───── THE DATA ─────

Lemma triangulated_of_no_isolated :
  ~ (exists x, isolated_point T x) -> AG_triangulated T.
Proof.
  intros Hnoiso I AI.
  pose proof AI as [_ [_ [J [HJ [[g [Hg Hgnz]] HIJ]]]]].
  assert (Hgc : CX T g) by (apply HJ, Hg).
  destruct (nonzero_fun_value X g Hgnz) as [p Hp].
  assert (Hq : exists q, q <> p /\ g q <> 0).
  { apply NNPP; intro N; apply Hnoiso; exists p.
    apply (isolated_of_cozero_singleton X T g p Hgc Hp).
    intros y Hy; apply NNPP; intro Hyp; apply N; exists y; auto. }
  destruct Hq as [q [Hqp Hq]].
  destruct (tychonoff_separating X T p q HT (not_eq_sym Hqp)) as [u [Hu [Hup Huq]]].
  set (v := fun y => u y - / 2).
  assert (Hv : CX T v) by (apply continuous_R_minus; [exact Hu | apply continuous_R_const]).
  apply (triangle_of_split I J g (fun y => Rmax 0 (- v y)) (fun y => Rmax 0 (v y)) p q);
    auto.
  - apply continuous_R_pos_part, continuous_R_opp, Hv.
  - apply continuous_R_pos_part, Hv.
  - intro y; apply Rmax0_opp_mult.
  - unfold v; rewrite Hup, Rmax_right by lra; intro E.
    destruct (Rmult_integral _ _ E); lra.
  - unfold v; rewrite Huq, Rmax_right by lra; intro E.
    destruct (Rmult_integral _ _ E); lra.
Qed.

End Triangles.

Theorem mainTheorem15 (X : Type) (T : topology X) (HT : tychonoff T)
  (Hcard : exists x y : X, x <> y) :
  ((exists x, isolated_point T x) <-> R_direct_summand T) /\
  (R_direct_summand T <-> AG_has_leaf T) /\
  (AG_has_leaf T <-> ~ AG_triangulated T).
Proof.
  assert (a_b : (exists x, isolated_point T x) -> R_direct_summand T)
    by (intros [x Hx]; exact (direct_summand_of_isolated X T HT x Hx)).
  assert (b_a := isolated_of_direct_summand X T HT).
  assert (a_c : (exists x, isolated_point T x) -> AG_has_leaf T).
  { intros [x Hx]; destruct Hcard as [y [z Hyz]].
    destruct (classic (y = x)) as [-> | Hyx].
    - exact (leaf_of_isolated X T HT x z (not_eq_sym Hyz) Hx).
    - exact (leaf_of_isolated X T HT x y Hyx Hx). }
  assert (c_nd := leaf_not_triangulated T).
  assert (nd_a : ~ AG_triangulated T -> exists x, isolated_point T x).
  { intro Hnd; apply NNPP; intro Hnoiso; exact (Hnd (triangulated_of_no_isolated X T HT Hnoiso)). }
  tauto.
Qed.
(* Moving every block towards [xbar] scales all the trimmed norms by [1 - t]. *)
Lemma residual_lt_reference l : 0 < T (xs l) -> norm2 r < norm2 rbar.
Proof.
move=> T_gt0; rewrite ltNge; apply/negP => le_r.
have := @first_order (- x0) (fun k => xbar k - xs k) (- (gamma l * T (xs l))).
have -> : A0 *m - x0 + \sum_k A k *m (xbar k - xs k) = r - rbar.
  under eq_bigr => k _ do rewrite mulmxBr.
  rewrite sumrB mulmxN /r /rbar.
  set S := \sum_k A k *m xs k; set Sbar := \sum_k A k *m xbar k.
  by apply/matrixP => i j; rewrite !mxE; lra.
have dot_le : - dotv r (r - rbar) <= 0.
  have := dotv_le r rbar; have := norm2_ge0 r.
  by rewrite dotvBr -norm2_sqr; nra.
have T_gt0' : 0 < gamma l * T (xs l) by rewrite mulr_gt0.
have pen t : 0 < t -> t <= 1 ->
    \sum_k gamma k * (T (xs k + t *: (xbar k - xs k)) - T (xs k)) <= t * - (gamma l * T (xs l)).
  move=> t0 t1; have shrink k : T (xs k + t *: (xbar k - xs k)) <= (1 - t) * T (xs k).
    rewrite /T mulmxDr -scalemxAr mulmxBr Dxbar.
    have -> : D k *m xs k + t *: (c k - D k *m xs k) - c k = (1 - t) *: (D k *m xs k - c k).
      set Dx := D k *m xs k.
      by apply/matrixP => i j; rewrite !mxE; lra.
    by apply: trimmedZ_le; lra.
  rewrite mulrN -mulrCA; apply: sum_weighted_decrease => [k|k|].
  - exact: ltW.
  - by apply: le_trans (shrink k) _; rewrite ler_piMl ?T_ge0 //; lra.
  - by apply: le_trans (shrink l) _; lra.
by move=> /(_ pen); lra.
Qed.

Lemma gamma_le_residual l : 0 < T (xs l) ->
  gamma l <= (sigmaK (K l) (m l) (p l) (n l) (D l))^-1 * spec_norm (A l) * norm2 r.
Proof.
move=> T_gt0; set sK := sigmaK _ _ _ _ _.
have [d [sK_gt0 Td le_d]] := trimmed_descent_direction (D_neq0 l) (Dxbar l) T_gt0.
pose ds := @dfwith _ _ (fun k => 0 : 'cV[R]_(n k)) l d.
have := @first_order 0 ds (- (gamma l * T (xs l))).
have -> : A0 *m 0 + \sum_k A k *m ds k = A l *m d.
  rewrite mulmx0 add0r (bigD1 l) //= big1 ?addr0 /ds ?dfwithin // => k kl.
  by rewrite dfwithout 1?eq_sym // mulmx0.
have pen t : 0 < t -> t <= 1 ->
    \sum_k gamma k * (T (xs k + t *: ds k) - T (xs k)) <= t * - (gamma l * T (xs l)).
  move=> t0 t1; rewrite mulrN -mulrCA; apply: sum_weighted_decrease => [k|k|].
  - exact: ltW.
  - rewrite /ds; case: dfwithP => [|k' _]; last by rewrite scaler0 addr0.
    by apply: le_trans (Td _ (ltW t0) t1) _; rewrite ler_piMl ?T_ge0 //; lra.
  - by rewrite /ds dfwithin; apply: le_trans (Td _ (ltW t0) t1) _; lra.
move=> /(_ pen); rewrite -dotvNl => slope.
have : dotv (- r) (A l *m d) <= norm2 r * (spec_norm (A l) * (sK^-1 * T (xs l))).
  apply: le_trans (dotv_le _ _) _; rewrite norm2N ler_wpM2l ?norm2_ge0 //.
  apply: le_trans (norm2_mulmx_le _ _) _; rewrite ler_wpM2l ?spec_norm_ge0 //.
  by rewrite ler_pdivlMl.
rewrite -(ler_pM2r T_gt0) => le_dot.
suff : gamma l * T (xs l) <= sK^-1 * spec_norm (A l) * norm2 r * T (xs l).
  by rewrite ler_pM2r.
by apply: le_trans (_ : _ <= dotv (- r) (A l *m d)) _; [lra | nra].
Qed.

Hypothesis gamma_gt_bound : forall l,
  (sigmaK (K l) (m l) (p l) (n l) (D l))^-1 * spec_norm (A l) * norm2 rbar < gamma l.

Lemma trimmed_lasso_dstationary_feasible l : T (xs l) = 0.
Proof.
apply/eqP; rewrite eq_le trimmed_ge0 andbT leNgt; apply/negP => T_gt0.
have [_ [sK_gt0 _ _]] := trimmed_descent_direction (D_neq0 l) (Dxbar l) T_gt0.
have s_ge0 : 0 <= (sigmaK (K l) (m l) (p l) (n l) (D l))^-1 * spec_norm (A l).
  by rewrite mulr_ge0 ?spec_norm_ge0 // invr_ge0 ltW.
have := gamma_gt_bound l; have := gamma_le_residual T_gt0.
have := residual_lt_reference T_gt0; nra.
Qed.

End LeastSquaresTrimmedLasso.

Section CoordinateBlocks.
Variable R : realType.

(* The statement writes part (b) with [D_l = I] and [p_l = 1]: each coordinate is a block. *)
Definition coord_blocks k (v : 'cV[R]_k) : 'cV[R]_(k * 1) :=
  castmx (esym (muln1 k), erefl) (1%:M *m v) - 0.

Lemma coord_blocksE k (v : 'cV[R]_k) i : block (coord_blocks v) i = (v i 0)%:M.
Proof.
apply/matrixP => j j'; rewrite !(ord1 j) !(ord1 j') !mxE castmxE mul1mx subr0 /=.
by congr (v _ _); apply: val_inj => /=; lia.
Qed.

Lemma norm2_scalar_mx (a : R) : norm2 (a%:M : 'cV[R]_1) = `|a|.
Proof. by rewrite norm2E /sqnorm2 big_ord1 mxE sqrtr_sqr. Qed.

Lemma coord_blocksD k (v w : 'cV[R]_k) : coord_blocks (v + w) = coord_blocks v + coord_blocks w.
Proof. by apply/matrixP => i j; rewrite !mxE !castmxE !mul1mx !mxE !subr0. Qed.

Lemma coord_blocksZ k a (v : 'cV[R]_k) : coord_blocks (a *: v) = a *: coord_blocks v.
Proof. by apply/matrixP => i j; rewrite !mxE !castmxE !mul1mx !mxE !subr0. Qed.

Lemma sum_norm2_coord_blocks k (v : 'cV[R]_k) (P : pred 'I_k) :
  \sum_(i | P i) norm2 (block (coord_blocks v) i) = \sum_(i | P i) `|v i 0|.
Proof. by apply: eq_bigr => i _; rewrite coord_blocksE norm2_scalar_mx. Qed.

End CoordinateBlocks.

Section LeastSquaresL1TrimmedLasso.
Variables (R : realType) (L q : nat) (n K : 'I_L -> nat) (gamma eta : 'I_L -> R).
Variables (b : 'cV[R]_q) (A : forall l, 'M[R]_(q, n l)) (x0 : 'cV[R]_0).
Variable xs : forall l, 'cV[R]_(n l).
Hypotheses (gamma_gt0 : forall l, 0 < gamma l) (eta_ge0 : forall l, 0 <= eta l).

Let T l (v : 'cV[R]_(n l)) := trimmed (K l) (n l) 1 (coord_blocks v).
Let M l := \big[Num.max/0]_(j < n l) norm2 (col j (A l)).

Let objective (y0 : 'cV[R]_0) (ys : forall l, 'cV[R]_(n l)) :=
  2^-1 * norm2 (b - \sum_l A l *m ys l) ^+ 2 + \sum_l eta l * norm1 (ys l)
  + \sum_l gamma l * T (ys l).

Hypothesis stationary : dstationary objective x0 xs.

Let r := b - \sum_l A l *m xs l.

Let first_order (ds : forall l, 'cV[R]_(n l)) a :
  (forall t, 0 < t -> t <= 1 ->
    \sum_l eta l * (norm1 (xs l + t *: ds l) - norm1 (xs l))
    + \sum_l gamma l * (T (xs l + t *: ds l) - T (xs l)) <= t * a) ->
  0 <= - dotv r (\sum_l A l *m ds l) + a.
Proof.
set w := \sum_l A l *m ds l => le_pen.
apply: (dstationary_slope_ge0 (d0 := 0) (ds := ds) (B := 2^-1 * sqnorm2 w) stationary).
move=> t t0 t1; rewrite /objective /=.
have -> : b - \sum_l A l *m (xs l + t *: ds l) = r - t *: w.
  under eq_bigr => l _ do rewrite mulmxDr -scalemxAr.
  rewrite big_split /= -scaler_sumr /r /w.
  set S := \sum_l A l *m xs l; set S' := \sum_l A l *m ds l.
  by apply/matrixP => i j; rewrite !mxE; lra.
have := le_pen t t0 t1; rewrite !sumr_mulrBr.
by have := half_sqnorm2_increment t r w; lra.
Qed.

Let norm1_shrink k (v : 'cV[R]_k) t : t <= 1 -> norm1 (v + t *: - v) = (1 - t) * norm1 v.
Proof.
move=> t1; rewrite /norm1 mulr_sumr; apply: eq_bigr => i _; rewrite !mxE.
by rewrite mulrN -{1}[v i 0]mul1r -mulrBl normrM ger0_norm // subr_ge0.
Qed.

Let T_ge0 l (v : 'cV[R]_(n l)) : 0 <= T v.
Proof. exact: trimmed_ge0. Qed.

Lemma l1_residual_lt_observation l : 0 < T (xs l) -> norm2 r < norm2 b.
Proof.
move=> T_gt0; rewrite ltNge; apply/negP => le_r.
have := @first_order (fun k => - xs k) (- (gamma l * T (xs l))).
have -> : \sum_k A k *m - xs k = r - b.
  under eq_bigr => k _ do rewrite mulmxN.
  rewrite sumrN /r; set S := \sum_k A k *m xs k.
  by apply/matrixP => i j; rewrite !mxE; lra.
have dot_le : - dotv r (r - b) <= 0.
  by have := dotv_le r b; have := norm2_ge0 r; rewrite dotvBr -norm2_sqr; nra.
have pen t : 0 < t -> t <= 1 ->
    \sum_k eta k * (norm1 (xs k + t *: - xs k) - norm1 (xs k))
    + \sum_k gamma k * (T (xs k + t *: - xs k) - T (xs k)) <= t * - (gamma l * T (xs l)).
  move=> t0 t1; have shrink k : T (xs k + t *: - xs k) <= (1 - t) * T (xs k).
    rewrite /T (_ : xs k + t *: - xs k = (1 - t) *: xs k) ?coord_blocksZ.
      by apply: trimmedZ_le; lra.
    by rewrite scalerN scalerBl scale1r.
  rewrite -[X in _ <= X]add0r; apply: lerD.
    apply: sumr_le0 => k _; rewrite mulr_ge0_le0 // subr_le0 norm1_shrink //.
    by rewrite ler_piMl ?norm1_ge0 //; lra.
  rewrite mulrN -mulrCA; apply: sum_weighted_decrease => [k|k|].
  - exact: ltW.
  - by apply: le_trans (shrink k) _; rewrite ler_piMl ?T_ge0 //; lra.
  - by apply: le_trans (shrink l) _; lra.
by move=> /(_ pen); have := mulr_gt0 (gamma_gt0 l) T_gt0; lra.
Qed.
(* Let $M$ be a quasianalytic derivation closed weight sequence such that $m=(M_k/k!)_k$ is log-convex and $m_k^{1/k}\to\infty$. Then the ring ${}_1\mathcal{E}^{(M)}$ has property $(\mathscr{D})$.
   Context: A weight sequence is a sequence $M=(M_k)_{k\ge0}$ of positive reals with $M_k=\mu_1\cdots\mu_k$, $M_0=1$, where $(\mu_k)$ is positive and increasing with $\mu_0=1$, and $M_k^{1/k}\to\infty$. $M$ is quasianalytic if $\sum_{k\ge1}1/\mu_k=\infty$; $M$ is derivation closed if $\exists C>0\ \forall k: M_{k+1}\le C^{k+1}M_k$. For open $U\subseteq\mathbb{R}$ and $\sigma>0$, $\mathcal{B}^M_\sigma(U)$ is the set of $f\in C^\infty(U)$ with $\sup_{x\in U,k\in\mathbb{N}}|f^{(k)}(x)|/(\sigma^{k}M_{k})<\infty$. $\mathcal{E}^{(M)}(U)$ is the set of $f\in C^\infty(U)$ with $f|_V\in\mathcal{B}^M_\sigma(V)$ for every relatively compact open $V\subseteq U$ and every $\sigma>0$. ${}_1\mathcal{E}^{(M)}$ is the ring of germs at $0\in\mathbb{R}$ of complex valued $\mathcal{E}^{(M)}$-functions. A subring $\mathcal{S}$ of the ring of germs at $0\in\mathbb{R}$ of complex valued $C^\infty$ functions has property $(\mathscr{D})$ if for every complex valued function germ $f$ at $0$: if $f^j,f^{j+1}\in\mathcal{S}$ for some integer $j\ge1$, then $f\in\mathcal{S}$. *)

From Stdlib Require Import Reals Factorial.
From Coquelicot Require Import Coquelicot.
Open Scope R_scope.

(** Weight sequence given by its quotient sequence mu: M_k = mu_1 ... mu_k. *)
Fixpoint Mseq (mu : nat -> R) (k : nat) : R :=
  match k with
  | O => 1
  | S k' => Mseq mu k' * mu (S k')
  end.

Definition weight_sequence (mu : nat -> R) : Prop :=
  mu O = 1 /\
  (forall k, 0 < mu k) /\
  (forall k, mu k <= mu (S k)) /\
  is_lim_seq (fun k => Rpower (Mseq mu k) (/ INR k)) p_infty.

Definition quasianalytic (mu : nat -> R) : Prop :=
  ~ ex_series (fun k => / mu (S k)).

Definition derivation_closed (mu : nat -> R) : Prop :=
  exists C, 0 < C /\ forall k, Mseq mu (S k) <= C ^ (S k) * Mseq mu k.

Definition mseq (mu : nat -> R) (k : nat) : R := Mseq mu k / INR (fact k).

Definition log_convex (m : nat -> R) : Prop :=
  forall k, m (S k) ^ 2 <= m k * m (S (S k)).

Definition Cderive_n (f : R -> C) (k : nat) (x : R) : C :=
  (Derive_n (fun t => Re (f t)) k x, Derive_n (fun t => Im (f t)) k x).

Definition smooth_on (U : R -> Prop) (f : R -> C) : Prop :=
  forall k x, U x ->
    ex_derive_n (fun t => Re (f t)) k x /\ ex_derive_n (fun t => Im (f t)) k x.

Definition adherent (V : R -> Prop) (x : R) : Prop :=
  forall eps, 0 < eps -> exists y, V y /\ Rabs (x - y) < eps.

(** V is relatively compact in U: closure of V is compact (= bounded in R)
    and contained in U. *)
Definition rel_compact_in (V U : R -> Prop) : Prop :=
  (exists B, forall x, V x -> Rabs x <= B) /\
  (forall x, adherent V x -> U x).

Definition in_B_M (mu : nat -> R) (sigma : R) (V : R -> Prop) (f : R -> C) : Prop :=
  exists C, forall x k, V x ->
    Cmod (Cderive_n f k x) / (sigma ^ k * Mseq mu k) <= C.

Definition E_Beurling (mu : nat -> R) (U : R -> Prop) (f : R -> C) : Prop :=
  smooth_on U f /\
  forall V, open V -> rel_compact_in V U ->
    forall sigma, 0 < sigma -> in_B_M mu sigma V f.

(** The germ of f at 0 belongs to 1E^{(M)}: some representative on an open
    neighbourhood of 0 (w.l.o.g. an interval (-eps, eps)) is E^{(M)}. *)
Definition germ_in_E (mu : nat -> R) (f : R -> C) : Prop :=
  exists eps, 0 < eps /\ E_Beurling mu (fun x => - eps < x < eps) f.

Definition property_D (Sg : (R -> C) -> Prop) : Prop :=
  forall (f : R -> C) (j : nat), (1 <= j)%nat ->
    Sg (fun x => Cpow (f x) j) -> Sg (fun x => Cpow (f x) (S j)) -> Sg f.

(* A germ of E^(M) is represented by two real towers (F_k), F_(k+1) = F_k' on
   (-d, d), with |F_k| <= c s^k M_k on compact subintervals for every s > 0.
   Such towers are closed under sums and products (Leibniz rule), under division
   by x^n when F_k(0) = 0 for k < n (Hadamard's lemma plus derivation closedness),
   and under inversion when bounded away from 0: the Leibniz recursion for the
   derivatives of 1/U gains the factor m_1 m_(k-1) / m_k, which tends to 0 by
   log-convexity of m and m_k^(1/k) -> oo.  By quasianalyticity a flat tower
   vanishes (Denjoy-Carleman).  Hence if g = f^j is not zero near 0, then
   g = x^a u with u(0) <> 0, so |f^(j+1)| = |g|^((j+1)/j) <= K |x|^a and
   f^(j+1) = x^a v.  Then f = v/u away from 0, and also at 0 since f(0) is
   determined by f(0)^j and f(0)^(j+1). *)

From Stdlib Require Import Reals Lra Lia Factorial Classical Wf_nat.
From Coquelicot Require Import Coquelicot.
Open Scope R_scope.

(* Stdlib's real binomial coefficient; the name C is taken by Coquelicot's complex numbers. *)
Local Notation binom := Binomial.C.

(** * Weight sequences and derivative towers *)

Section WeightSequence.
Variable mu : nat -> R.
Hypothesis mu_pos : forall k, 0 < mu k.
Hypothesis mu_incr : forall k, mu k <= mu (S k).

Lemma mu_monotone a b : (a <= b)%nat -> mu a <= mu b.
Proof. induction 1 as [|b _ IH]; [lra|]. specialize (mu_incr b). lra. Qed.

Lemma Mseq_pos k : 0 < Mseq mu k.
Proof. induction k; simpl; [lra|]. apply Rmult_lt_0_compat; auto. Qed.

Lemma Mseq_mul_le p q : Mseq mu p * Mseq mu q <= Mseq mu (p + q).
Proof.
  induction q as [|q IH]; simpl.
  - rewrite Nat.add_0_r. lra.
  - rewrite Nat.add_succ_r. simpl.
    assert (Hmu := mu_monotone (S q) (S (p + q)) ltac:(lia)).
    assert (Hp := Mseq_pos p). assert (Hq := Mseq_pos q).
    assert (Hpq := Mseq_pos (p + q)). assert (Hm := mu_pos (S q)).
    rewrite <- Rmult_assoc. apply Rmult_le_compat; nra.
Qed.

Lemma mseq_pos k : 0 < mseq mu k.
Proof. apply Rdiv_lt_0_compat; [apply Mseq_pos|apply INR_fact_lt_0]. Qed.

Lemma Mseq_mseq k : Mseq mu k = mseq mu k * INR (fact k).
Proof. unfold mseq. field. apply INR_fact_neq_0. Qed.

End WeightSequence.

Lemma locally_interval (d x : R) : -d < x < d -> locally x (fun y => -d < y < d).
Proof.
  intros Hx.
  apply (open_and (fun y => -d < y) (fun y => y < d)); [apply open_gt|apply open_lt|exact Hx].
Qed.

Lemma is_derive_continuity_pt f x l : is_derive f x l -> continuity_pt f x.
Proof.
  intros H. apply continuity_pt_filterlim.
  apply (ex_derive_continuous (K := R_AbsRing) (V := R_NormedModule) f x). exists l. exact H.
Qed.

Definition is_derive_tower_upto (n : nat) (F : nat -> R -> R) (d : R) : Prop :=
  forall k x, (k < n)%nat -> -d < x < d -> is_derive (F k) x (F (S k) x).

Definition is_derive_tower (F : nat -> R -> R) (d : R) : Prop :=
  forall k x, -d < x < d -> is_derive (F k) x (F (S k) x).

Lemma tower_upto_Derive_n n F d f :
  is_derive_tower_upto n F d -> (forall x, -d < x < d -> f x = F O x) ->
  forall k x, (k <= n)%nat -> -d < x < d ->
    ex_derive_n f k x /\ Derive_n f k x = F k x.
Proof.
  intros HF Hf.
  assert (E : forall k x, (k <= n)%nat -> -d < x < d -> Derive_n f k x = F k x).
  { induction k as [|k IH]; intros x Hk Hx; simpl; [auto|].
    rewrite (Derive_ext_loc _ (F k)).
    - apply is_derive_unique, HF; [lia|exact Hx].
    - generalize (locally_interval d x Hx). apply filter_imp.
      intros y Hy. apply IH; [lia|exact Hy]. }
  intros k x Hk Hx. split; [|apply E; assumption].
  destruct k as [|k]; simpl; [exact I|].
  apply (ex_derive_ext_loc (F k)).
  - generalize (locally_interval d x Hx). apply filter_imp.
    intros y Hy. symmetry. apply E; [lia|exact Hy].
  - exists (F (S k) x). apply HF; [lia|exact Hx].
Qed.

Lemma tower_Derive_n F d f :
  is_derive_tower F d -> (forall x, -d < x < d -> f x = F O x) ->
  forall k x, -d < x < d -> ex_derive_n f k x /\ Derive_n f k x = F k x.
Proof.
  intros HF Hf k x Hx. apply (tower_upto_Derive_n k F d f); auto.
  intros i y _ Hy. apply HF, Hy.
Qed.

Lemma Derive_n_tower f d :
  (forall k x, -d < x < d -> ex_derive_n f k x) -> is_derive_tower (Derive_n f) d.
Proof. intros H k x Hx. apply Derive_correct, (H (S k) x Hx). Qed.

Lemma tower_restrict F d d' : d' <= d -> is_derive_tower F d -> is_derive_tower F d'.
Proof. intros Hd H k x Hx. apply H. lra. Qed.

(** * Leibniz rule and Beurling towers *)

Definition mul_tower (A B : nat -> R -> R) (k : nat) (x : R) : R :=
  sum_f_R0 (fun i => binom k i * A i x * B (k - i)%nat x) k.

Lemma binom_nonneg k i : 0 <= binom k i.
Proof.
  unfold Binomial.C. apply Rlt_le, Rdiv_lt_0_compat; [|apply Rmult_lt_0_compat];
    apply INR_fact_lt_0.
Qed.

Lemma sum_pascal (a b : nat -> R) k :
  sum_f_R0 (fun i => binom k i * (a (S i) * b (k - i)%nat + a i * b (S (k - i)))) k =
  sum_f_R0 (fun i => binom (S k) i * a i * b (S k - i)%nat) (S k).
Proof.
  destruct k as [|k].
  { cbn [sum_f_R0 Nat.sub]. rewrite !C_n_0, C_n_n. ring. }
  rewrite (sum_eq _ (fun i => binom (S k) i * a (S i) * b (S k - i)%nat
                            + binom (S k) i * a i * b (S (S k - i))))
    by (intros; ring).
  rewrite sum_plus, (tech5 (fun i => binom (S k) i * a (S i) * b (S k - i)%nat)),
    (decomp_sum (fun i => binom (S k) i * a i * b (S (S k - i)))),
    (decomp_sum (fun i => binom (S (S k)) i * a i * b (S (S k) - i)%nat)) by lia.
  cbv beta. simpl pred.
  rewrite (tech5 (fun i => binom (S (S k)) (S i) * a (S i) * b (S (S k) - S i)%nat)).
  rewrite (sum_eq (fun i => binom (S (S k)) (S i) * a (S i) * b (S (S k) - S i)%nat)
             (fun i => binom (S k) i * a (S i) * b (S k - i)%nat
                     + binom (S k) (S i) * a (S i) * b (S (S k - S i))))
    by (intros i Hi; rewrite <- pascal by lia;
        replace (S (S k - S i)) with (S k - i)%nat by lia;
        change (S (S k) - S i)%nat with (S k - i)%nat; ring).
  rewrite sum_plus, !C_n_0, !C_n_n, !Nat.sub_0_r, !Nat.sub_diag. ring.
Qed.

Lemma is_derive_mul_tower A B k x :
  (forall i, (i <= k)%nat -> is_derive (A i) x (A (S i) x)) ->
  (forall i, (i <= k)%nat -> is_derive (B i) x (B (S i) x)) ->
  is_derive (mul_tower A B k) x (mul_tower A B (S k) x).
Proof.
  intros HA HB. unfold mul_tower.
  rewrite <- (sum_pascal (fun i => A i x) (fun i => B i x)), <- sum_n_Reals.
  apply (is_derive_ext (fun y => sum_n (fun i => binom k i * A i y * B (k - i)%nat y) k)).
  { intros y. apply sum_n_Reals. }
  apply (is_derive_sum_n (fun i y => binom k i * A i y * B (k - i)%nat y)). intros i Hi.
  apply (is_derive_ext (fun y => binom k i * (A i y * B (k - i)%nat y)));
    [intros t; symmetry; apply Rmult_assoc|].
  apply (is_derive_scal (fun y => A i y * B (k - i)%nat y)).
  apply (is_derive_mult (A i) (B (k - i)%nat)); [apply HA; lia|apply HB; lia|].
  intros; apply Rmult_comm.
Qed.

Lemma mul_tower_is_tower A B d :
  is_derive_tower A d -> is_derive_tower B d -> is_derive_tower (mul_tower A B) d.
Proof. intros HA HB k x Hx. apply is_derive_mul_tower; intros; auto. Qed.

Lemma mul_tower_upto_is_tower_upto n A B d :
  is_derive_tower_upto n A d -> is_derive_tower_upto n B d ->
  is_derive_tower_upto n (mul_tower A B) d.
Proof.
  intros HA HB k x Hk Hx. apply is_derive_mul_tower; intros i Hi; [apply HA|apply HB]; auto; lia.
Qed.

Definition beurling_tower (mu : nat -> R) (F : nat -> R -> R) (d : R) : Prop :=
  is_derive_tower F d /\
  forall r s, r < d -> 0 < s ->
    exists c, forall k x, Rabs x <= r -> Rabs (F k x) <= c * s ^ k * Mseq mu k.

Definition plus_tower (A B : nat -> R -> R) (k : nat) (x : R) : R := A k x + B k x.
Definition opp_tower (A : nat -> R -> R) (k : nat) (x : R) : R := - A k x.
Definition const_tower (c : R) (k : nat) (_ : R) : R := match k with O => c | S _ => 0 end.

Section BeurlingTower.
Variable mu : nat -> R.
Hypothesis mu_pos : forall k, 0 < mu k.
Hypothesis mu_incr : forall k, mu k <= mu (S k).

─────

Set down only the lines above that fall between the line holding "(forall x, adherent V x -> U x)." and the line holding "forall V, open V -> rel_compact_in V U ->", inclusive, keeping each exact.

  (forall x, adherent V x -> U x).

Definition in_B_M (mu : nat -> R) (sigma : R) (V : R -> Prop) (f : R -> C) : Prop :=
  exists C, forall x k, V x ->
    Cmod (Cderive_n f k x) / (sigma ^ k * Mseq mu k) <= C.

Definition E_Beurling (mu : nat -> R) (U : R -> Prop) (f : R -> C) : Prop :=
  smooth_on U f /\
  forall V, open V -> rel_compact_in V U ->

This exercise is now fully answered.